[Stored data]
----------------------------------------

Lemma Mhat_is_derive s z : (2 <= s)%nat -> is_derive (Mhat s) z (Legendre (s - 1) z).
Proof.
  intros Hs. destruct s as [|[|s]]; try lia.
  apply (is_derive_RInt _ _ (-1)); [|apply Legendre_continuous].
  apply filter_forall; intros.
  apply (RInt_correct (V := R_CompleteNormedModule)), (is_poly_ex_RInt _ _ _ _ (Legendre_poly _)).
Qed.

Lemma Mhat_at_m1 s : (2 <= s)%nat -> Mhat s (-1) = 0.
Proof. intros Hs. destruct s as [|[|s]]; try lia. exact (RInt_point (V := R_CompleteNormedModule) _ _). Qed.

Lemma Mhat_at_1 s : (2 <= s)%nat -> Mhat s 1 = 0.
Proof. intros Hs. destruct s as [|[|s]]; try lia. apply RInt_Legendre; lia. Qed.

(** * The dual quadrature rule *)

Lemma sum_n_shift_diff (h : nat -> nat -> R) k :
  sum_n (fun s => h (S s) s - h s s) k =
  h (S k) k - h 0%nat 0%nat + sum_n_m (fun s => h s (s - 1)%nat - h s s) 1 k.
Proof.
  induction k as [|k IH].
  - rewrite sum_O, sum_n_m_zero by lia. R_eq. unfold zero; simpl. ring.
  - unfold sum_n in *. rewrite !sum_n_Sm, IH by lia.
    replace (S k - 1)%nat with k by lia. R_eq. unfold plus; simpl. ring.
Qed.

Definition dual_quadrature (k : nat) (alpha a : nat -> R) (f : R -> R) : R :=
  sum_n_m (fun s => (a s - a (s - 1)%nat) * f (alpha s)) 1 k.

(* Testing the orthogonality condition with [w x = x] and [g = f'], an
   integration by parts on each cell [alpha_s, alpha_(s+1)] turns it into the
   exactness of the quadrature for [f]. *)
Lemma dual_quadrature_exact k alpha a f :
  valid_params k alpha a -> ortho_cond k k alpha a -> is_poly (S k) f ->
  RInt f (-1) 1 = dual_quadrature k alpha a f.
Proof.
  intros [Hal0 [Halk [Ha0 [Hak _]]]] [_ Hortho] Hf.
  destruct (is_poly_is_derive _ _ Hf) as [g [Hg Hfg]].
  destruct (is_poly_sum_n _ _ Hg) as [c Hc].
  set (Pf := fun y => RInt f (-1) y).
  assert (HPf : forall y, is_derive Pf y (f y)).
  { intros y. apply (is_derive_RInt _ _ (-1)); [|exact (is_poly_continuous _ _ y Hf)].
    apply filter_forall; intros.
    apply (RInt_correct (V := R_CompleteNormedModule)), (is_poly_ex_RInt _ _ _ _ Hf). }
  set (h := fun j s => (alpha j - a s) * f (alpha j) - Pf (alpha j)).
  assert (Hcell : forall s,
    RInt (fun x => g x * (x - a s)) (alpha s) (alpha (S s)) = h (S s) s - h s s).
  { intros s. apply is_RInt_unique, (is_RInt_derive (fun y => (y - a s) * f y - Pf y)).
    - intros y _. eapply is_derive_Req.
      + apply is_derive_Rminus; [|apply HPf].
        apply is_derive_Rmult; [|apply Hfg].
        apply is_derive_Rminus; [apply is_derive_Rid | apply is_derive_Rconst].
      + R_eq; simpl; ring.
    - intros y _. apply (continuous_mult (K := R_AbsRing) g (fun y => y - a s)).
      + exact (is_poly_continuous _ _ y Hg).
      + apply (continuous_minus (fun y => y) (fun _ => a s));
          [apply continuous_id | apply continuous_const]. }
  specialize (Hortho c 0 1). cbv zeta in Hortho.
  rewrite (sum_n_ext _ (fun s => h (S s) s - h s s)) in Hortho.
  2:{ intros s. rewrite <- Hcell. apply RInt_ext. intros x _. rewrite Hc. R_eq; ring. }
  rewrite sum_n_shift_diff in Hortho.
  rewrite (sum_n_m_ext _ (fun s => (a s - a (s - 1)%nat) * f (alpha s))) in Hortho
    by (intros s; unfold h; R_eq; ring).
  fold (dual_quadrature k alpha a f) in Hortho.
  unfold h, Pf in *. rewrite Hal0, Halk, Ha0, Hak, RInt_point in Hortho.
  unfold zero in Hortho; simpl in Hortho. lra.
Qed.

----------------------------------------

> Work to complete:
Copy out each record above exactly, leaving nothing out.

> Result:
Lemma Mhat_is_derive s z : (2 <= s)%nat -> is_derive (Mhat s) z (Legendre (s - 1) z).
Proof.
  intros Hs. destruct s as [|[|s]]; try lia.
  apply (is_derive_RInt _ _ (-1)); [|apply Legendre_continuous].
  apply filter_forall; intros.
  apply (RInt_correct (V := R_CompleteNormedModule)), (is_poly_ex_RInt _ _ _ _ (Legendre_poly _)).
Qed.

Lemma Mhat_at_m1 s : (2 <= s)%nat -> Mhat s (-1) = 0.
Proof. intros Hs. destruct s as [|[|s]]; try lia. exact (RInt_point (V := R_CompleteNormedModule) _ _). Qed.

Lemma Mhat_at_1 s : (2 <= s)%nat -> Mhat s 1 = 0.
Proof. intros Hs. destruct s as [|[|s]]; try lia. apply RInt_Legendre; lia. Qed.

(** * The dual quadrature rule *)

Lemma sum_n_shift_diff (h : nat -> nat -> R) k :
  sum_n (fun s => h (S s) s - h s s) k =
  h (S k) k - h 0%nat 0%nat + sum_n_m (fun s => h s (s - 1)%nat - h s s) 1 k.
Proof.
  induction k as [|k IH].
  - rewrite sum_O, sum_n_m_zero by lia. R_eq. unfold zero; simpl. ring.
  - unfold sum_n in *. rewrite !sum_n_Sm, IH by lia.
    replace (S k - 1)%nat with k by lia. R_eq. unfold plus; simpl. ring.
Qed.

Definition dual_quadrature (k : nat) (alpha a : nat -> R) (f : R -> R) : R :=
  sum_n_m (fun s => (a s - a (s - 1)%nat) * f (alpha s)) 1 k.

(* Testing the orthogonality condition with [w x = x] and [g = f'], an
   integration by parts on each cell [alpha_s, alpha_(s+1)] turns it into the
   exactness of the quadrature for [f]. *)
Lemma dual_quadrature_exact k alpha a f :
  valid_params k alpha a -> ortho_cond k k alpha a -> is_poly (S k) f ->
  RInt f (-1) 1 = dual_quadrature k alpha a f.
Proof.
  intros [Hal0 [Halk [Ha0 [Hak _]]]] [_ Hortho] Hf.
  destruct (is_poly_is_derive _ _ Hf) as [g [Hg Hfg]].
  destruct (is_poly_sum_n _ _ Hg) as [c Hc].
  set (Pf := fun y => RInt f (-1) y).
  assert (HPf : forall y, is_derive Pf y (f y)).
  { intros y. apply (is_derive_RInt _ _ (-1)); [|exact (is_poly_continuous _ _ y Hf)].
    apply filter_forall; intros.
    apply (RInt_correct (V := R_CompleteNormedModule)), (is_poly_ex_RInt _ _ _ _ Hf). }
  set (h := fun j s => (alpha j - a s) * f (alpha j) - Pf (alpha j)).
  assert (Hcell : forall s,
    RInt (fun x => g x * (x - a s)) (alpha s) (alpha (S s)) = h (S s) s - h s s).
  { intros s. apply is_RInt_unique, (is_RInt_derive (fun y => (y - a s) * f y - Pf y)).
    - intros y _. eapply is_derive_Req.
      + apply is_derive_Rminus; [|apply HPf].
        apply is_derive_Rmult; [|apply Hfg].
        apply is_derive_Rminus; [apply is_derive_Rid | apply is_derive_Rconst].
      + R_eq; simpl; ring.
    - intros y _. apply (continuous_mult (K := R_AbsRing) g (fun y => y - a s)).
      + exact (is_poly_continuous _ _ y Hg).
      + apply (continuous_minus (fun y => y) (fun _ => a s));
          [apply continuous_id | apply continuous_const]. }
  specialize (Hortho c 0 1). cbv zeta in Hortho.
  rewrite (sum_n_ext _ (fun s => h (S s) s - h s s)) in Hortho.
  2:{ intros s. rewrite <- Hcell. apply RInt_ext. intros x _. rewrite Hc. R_eq; ring. }
  rewrite sum_n_shift_diff in Hortho.
  rewrite (sum_n_m_ext _ (fun s => (a s - a (s - 1)%nat) * f (alpha s))) in Hortho
    by (intros s; unfold h; R_eq; ring).
  fold (dual_quadrature k alpha a f) in Hortho.
  unfold h, Pf in *. rewrite Hal0, Halk, Ha0, Hak, RInt_point in Hortho.
  unfold zero in Hortho; simpl in Hortho. lra.
Qed.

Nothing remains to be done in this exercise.